> WHAT TO WORK ON: Every line from the one with "Section DenseEmbedding." to the end of the data needs to be copied exactly, and no line before it.

> INPUT DATA:
Content starts
Lemma rel_le_trans {A B} (r s t : A -> B -> V) : rel_le r s -> rel_le s t -> rel_le r t.
Proof. intros H1 H2 x y. eapply qle_trans; eauto. Qed.

Lemma rel_le_anti {A B} (r s : A -> B -> V) : rel_le r s -> rel_le s r -> r = s.
Proof.
  intros H1 H2. apply functional_extensionality. intro x.
  apply functional_extensionality. intro y. now apply qle_anti.
Qed.

Lemma kleisli_ge {X Y Z} (b : T Y -> Z -> V) (a : T X -> Y -> V) XX y z :
  qle (qten (Txi xi a XX y) (b y z)) (kleisli xi b a (join XX) z).
Proof.
  eapply qle_trans; [|apply qsup_ub; exists y; reflexivity].
  apply qten_monoL. eapply qle_trans; [|apply qsup_ub; exists XX; reflexivity].
  unfold converse, graph. destruct excluded_middle_informative as [_|]; [|contradiction].
  rewrite qten_unit. apply qle_refl.
Qed.

Lemma kleisli_le {X Y Z} (b : T Y -> Z -> V) (a : T X -> Y -> V) x0 z c :
  (forall XX y, join XX = x0 -> qle (qten (Txi xi a XX y) (b y z)) c) ->
  qle (kleisli xi b a x0 z) c.
Proof.
  intro H. apply qsup_least. intros v [y ->]. apply qten_supL_le. intros v [XX ->].
  unfold converse, graph. destruct excluded_middle_informative.
  - rewrite qten_unit. auto.
  - rewrite !qten_botL. apply qbot_le.
Qed.

Lemma kleisli_tenL_le {X Y Z} (b : T Y -> Z -> V) (a : T X -> Y -> V) x0 z u c :
  (forall XX y, join XX = x0 -> qle (qten u (qten (Txi xi a XX y) (b y z))) c) ->
  qle (qten u (kleisli xi b a x0 z)) c.
Proof.
  intro H. apply qten_supR_le. intros v [y ->]. apply qten_supM_le. intros v [XX ->].
  unfold converse, graph. destruct excluded_middle_informative.
  - rewrite qten_unit. auto.
  - rewrite !qten_botL, qten_comm, qten_botL. apply qbot_le.
Qed.

Lemma kleisli_mono {X Y Z} (b b' : T Y -> Z -> V) (a a' : T X -> Y -> V) :
  rel_le a a' -> rel_le b b' -> rel_le (kleisli xi b a) (kleisli xi b' a').
Proof.
  intros Ha Hb x0 z. apply kleisli_le. intros XX y <-.
  eapply qle_trans; [|apply kleisli_ge]. apply qten_mono; auto. now apply Txi_mono.
Qed.

Lemma kleisli_ret_ge {X Y Z} (b : T Y -> Z -> V) (a : T X -> Y -> V) x0 y z :
  qle (qten (a x0 y) (b (ret y) z)) (kleisli xi b a x0 z).
Proof.
  rewrite <- (join_ret T X x0) at 2.
  eapply qle_trans; [|apply kleisli_ge]. apply qten_monoL, Txi_ret.
Qed.

Lemma kleisli_assoc_le {X Y Z W} (a : T X -> Y -> V) (b : T Y -> Z -> V) (c : T Z -> W -> V) :
  rel_le (kleisli xi (kleisli xi c b) a) (kleisli xi c (kleisli xi b a)).
Proof.
  intros x0 w. apply kleisli_le. intros XX y Hx.
  apply kleisli_tenL_le. intros YY z <-.
  unfold Txi at 1. apply qten_supL_le. intros v [w1 [W1 [W2 ->]]].
  apply qten_supM_le. intros v [u [U1 [U2 ->]]].
  rewrite qten_assoc.
  destruct (join_pb _ _ snd YY w1) as [WW [WW1 WW2]]; [congruence|].
  destruct (Tpb _ _ _ (fmap snd) fst WW u) as [Q [Q1 Q2]]; [congruence|].
  set (g := fun p : {p : (T (T X * Y)%type * (T Y * Z))%type | fmap snd (fst p) = fst (snd p)} =>
              (join (fmap fst (fst (proj1_sig p))), snd (snd (proj1_sig p)))).
  assert (Hz : fmap snd (fmap g Q) = z).
  { subst z u. rewrite !fmap_fmap. reflexivity. }
  assert (HX : join (fmap fst (fmap g Q)) = x0).
  { subst x0 XX. rewrite fmap_fmap. unfold g. simpl.
    rewrite <- (fmap_fmap (fun p => fmap fst (fst (proj1_sig p))) join), <- join_assoc,
      <- (fmap_fmap (fun p => fst (proj1_sig p)) (fmap fst)), Q1, <- join_nat, WW2.
    reflexivity. }
  rewrite <- HX. eapply qle_trans; [|apply kleisli_ge]. apply qten_monoL.
  eapply qle_trans; [|apply (Txi_ge _ (fmap g Q)); auto]. rewrite fmap_fmap.
  apply qle_trans with (xi (fmap (fun p =>
    qten (xi (fmap (fun t => a (fst t) (snd t)) (fst (proj1_sig p))))
         (b (fst (snd (proj1_sig p))) (snd (snd (proj1_sig p))))) Q)).
  - rewrite xi_ten. apply qten_mono.
    + rewrite <- (fmap_fmap (fun p => fst (proj1_sig p)) (fun W => xi (fmap _ W))), Q1,
        <- (fmap_fmap (fmap (fun t => a (fst t) (snd t))) xi), xi_join, <- join_nat, WW2.
      apply qle_refl.
    + rewrite <- (fmap_fmap (fun p => snd (proj1_sig p)) (fun q => b (fst q) (snd q))), Q2.
      apply qle_refl.
  - apply xi_mono. intros [[W0 [y' z']] e]. simpl in *. rewrite <- e.
    eapply qle_trans; [|apply kleisli_ge]. apply qten_monoL. now apply Txi_ge.
Qed.

Lemma kleisli_assoc_ge {X Y Z W} (a : T X -> Y -> V) (b : T Y -> Z -> V) (c : T Z -> W -> V) :
  rel_le (kleisli xi c (kleisli xi b a)) (kleisli xi (kleisli xi c b) a).
Proof.
  intros x0 w. apply kleisli_le. intros XX z Hx.
  apply qten_supL_le. intros v [q [C1 [C2 ->]]].
  set (f := fun e : (T (T X * Y)%type * Z)%type => (join (fmap fst (fst e)), snd e)).
  set (ph := fun e : (T (T X * Y)%type * Z)%type =>
    qten (xi (fmap (fun t => a (fst t) (snd t)) (fst e))) (b (fmap snd (fst e)) (snd e))).
  apply qle_trans with (qten (xi (fmap (PV f ph) q)) (c z w)).
  { apply qten_monoL, xi_mono. intros [x z'].
    apply kleisli_le. intros X1 y1 E1. apply qten_supL_le. intros v [w1 [D1 [D2 ->]]].
    apply qsup_ub. exists (w1, z'). unfold f, ph. simpl. now rewrite D1, D2, E1. }
  rewrite xi_PV. apply qten_supL_le. intros v [al [F ->]].
  set (WW := join (fmap fst al)).
  assert (HX : join (fmap fst WW) = x0).
  { subst x0 XX q WW. now rewrite join_nat, join_assoc, !fmap_fmap. }
  rewrite <- HX. eapply qle_trans; [|apply (kleisli_ge _ _ _ (fmap snd WW))].
  unfold ph. rewrite xi_ten, <- qten_assoc. apply qten_mono.
  - eapply qle_trans; [|apply Txi_ge; reflexivity].
    unfold WW. rewrite join_nat, <- xi_join, !fmap_fmap. apply qle_refl.
  - assert (Hy : join (fmap (fun e => fmap snd (fst e)) al) = fmap snd WW).
    { unfold WW. rewrite join_nat, fmap_fmap. reflexivity. }
    rewrite <- Hy. eapply qle_trans; [|eapply (kleisli_ge _ _ _ _ z)]. apply qten_monoL.
    eapply qle_trans; [|apply (Txi_ge _ (fmap (fun e => (fmap snd (fst e), snd e)) al))];
      rewrite !fmap_fmap; [apply qle_refl | reflexivity |].
    rewrite <- C2, <- F, fmap_fmap. reflexivity.
Qed.

Lemma kleisli_assoc {X Y Z W} (a : T X -> Y -> V) (b : T Y -> Z -> V) (c : T Z -> W -> V) :
  kleisli xi (kleisli xi c b) a = kleisli xi c (kleisli xi b a).
Proof. apply rel_le_anti; [apply kleisli_assoc_le | apply kleisli_assoc_ge]. Qed.

Definition Trefl {X} (a : T X -> X -> V) : Prop := forall x, qle qk (a (ret x) x).

Lemma Tcat_refl {X} (a : T X -> X -> V) : Tcat xi a -> Trefl a.
Proof. now intros [? _]. Qed.

Lemma Tcat_trans {X} (a : T X -> X -> V) XX y z : Tcat xi a ->
  qle (qten (Txi xi a XX y) (a y z)) (a (join XX) z).
Proof. intros [_ Ha]. eapply qle_trans; [apply kleisli_ge | apply Ha]. Qed.

Lemma Estr_refl : Trefl (@Estr V T).
Proof. intro. apply qle_refl. Qed.

Lemma Txi_refl {X} (a : T X -> X -> V) (x0 : T X) : Trefl a ->
  qle qk (Txi xi a (fmap ret x0) x0).
Proof.
  intro Ha. rewrite <- (fmap_id T X x0) at 2.
  eapply qle_trans; [|apply Txi_nat]. now apply Txi_diag.
Qed.

Lemma kleisli_unitL {X Y} (b : T Y -> Y -> V) (phi : T X -> Y -> V) :
  Trefl b -> rel_le phi (kleisli xi b phi).
Proof.
  intros Hb x0 y. eapply qle_trans; [|apply kleisli_ret_ge].
  rewrite <- (qten_k (phi x0 y)) at 1. apply qten_monoR, Hb.
Qed.

Lemma kleisli_unitR {X Y} (a : T X -> X -> V) (phi : T X -> Y -> V) :
  Trefl a -> rel_le phi (kleisli xi phi a).
Proof.
  intros Ha x0 y. rewrite <- (join_fmap_ret T X x0) at 2.
  eapply qle_trans; [|apply (kleisli_ge _ _ _ x0)].
  rewrite <- (qten_unit _ (phi x0 y)) at 1. apply qten_monoL. now apply Txi_refl.
Qed.

Lemma Tmod_kleisliL {X Y} a b (phi : T X -> Y -> V) :
  Tmod xi a b phi -> rel_le (kleisli xi phi a) phi.
Proof. now intros [? _]. Qed.

Lemma Tmod_kleisliR {X Y} a b (phi : T X -> Y -> V) :
  Tmod xi a b phi -> rel_le (kleisli xi b phi) phi.
Proof. now intros [_ ?]. Qed.

Lemma Tmod_comp {X Y Z} (a : T X -> X -> V) (b : T Y -> Y -> V) (c : T Z -> Z -> V)
  (phi : T X -> Y -> V) (psi : T Y -> Z -> V) :
  Tmod xi a b phi -> Tmod xi b c psi -> Tmod xi a c (kleisli xi psi phi).
Proof.
  intros Hphi Hpsi. split.
  - rewrite kleisli_assoc. apply kleisli_mono; [apply (Tmod_kleisliL _ _ _ Hphi) | apply rel_le_refl].
  - rewrite <- kleisli_assoc. apply kleisli_mono; [apply rel_le_refl | apply (Tmod_kleisliR _ _ _ Hpsi)].
Qed.

Lemma Tcat_Tmod {X} (a : T X -> X -> V) : Tcat xi a -> Tmod xi a a a.
Proof. intros [_ Ha]. split; exact Ha. Qed.

Lemma Tmod_kleisli_unitL {X Y} (a : T X -> X -> V) (b : T Y -> Y -> V) (phi : T X -> Y -> V) :
  Trefl a -> Tmod xi a b phi -> kleisli xi phi a = phi.
Proof.
  intros Ha Hphi. apply rel_le_anti; [apply (Tmod_kleisliL _ _ _ Hphi) | now apply kleisli_unitR].
Qed.

Lemma Tmod_kleisli_unitR {X Y} (a : T X -> X -> V) (b : T Y -> Y -> V) (phi : T X -> Y -> V) :
  Trefl b -> Tmod xi a b phi -> kleisli xi b phi = phi.
Proof.
  intros Hb Hphi. apply rel_le_anti; [apply (Tmod_kleisliR _ _ _ Hphi) | now apply kleisli_unitL].
Qed.

Lemma Tmod_flow {X Y} (a : T X -> X -> V) (b : T Y -> Y -> V) (f : X -> Y) :
  Tcat xi b -> Tfun a b f -> Tmod xi a b (flow b f).
Proof.
  intros Hb Hf. split; intros x0 y; apply kleisli_le; intros XX y' <-;
    unfold flow; rewrite join_nat; (eapply qle_trans; [|apply Tcat_trans, Hb]);
    apply qten_monoL.
  - eapply qle_trans; [|apply Txi_nat]. apply Txi_mono, Hf.
  - apply Txi_natL.
Qed.

Lemma Tmod_fup {X Y} (a : T X -> X -> V) (b : T Y -> Y -> V) (f : X -> Y) :
  Tcat xi b -> Tfun a b f -> Tmod xi b a (fup b f).
Proof.
  intros Hb Hf. split; intros y0 x; apply kleisli_le; intros YY x' <-; unfold fup.
  - now apply Tcat_trans.
  - eapply qle_trans; [|apply (Tcat_trans _ _ (fmap f x')), Hb].
    apply qten_mono; [apply Txi_natR | apply Hf].
Qed.

Lemma adjoint_flow_fup {X Y} (a : T X -> X -> V) (b : T Y -> Y -> V) (f : X -> Y) :
  Tcat xi b -> Tfun a b f -> adjoint xi a b (flow b f) (fup b f).
Proof.
  intros Hb Hf. split.
  - intros x0 x. rewrite <- (join_fmap_ret T X x0) at 2.
    eapply qle_trans; [|apply (kleisli_ge _ _ _ (fmap f x0))].
    rewrite <- (qten_unit _ (a x0 x)). apply qten_mono; [|apply Hf].
    eapply qle_trans; [|apply (Txi_nat (flow b f) ret f)]. apply Txi_diag. intro x'.
    unfold flow. rewrite ret_nat. apply (Tcat_refl _ Hb).
  - intros y0 y. apply kleisli_le. intros YY x' <-. unfold flow.
    eapply qle_trans; [|apply Tcat_trans, Hb]. apply qten_monoL, (Txi_natR b f).
Qed.

Lemma adjoint_comp {X Y Z} (a : T X -> X -> V) (b : T Y -> Y -> V) (c : T Z -> Z -> V)
  (phi1 : T X -> Y -> V) (psi1 : T Y -> X -> V) (phi2 : T Y -> Z -> V) (psi2 : T Z -> Y -> V) :
  Trefl b -> Tmod xi c b psi2 ->
  adjoint xi a b phi1 psi1 -> adjoint xi b c phi2 psi2 ->
  adjoint xi a c (kleisli xi phi2 phi1) (kleisli xi psi1 psi2).
Proof.
  intros Hb Hpsi2 [unit1 counit1] [unit2 counit2]. split.
  - rewrite kleisli_assoc, <- (kleisli_assoc phi1 phi2 psi2).
    eapply rel_le_trans; [exact unit1|]. apply kleisli_mono; [|apply rel_le_refl].
    eapply rel_le_trans; [apply (kleisli_unitL b), Hb|].
    apply kleisli_mono; [apply rel_le_refl | exact unit2].
  - rewrite kleisli_assoc, <- (kleisli_assoc psi2 psi1 phi1).
    eapply rel_le_trans; [|exact counit2]. apply kleisli_mono; [|apply rel_le_refl].
    eapply rel_le_trans; [|apply (Tmod_kleisliR _ _ _ Hpsi2)].
    apply kleisli_mono; [apply rel_le_refl | exact counit1].
Qed.

Lemma left_adjoint_unique {X Y} (a : T X -> X -> V) (b : T Y -> Y -> V)
  (phi phi' : T X -> Y -> V) (psi : T Y -> X -> V) :
  Trefl a -> Tmod xi a b phi' -> adjoint xi a b phi psi -> adjoint xi a b phi' psi ->
  rel_le phi phi'.
Proof.
  intros Ha Hphi' [_ counit] [unit' _].
  eapply rel_le_trans; [apply (kleisli_unitR a), Ha|].
  eapply rel_le_trans; [apply kleisli_mono; [exact unit' | apply rel_le_refl]|].
  rewrite <- kleisli_assoc.
  eapply rel_le_trans; [|apply (Tmod_kleisliR _ _ _ Hphi')].
  apply kleisli_mono; [apply rel_le_refl | exact counit].
Qed.

Lemma kleisli_flow {X Y Z} (b : T Y -> Y -> V) (c : T Z -> Z -> V) (f : X -> Y)
  (psi : T Y -> Z -> V) :
  Tcat xi b -> Tmod xi b c psi ->
  forall x0 z, kleisli xi psi (flow b f) x0 z = psi (fmap f x0) z.
Proof.
  intros Hb Hpsi x0 z. apply qle_anti.
  - apply kleisli_le. intros XX y <-. eapply qle_trans; [|apply (Tmod_kleisliL _ _ _ Hpsi)].
    rewrite join_nat. eapply qle_trans; [|apply kleisli_ge]. apply qten_monoL, (Txi_natL b (fmap f)).
  - rewrite <- (join_fmap_ret T X x0) at 2.
    eapply qle_trans; [|apply (kleisli_ge _ _ _ (fmap f x0))].
    rewrite <- (qten_unit _ (psi _ _)) at 1. apply qten_monoL.
    eapply qle_trans; [|apply (Txi_nat (flow b f) ret f)]. apply Txi_diag. intro x.
    unfold flow. rewrite ret_nat. apply (Tcat_refl _ Hb).
Qed.

Lemma Tfun_const {Z} (c : T Z -> Z -> V) (z : Z) : Tcat xi c -> Tfun Estr c (fun _ : unit => z).
Proof. intros Hc u t. unfold Estr. rewrite fmap_const. apply (Tcat_refl _ Hc). Qed.

(** * Fully faithful L-dense embeddings *)

Section DenseEmbedding.
Variables (X Y : Type) (a : T X -> X -> V) (b : T Y -> Y -> V) (i : X -> Y).
Hypotheses (Ha : Tcat xi a) (Hb : Tcat xi b) (Hi : Tfun a b i).
Hypotheses (i_ff : ffaithful a b i) (i_dense : Ldense xi b i).

Lemma adjoint_fup_flow : adjoint xi b a (fup b i) (flow b i).
Proof.
  split.
  - intros y0 y. rewrite i_dense. apply qle_refl.
  - intros x0 x. eapply qle_trans; [apply (Tmod_kleisliR _ _ _ (Tmod_flow a b i Hb Hi))|].
    unfold flow. rewrite i_ff. apply qle_refl.
Qed.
Content ends
> TASK ANSWER:
Section DenseEmbedding.
Variables (X Y : Type) (a : T X -> X -> V) (b : T Y -> Y -> V) (i : X -> Y).
Hypotheses (Ha : Tcat xi a) (Hb : Tcat xi b) (Hi : Tfun a b i).
Hypotheses (i_ff : ffaithful a b i) (i_dense : Ldense xi b i).

Lemma adjoint_fup_flow : adjoint xi b a (fup b i) (flow b i).
Proof.
  split.
  - intros y0 y. rewrite i_dense. apply qle_refl.
  - intros x0 x. eapply qle_trans; [apply (Tmod_kleisliR _ _ _ (Tmod_flow a b i Hb Hi))|].
    unfold flow. rewrite i_ff. apply qle_refl.
Qed.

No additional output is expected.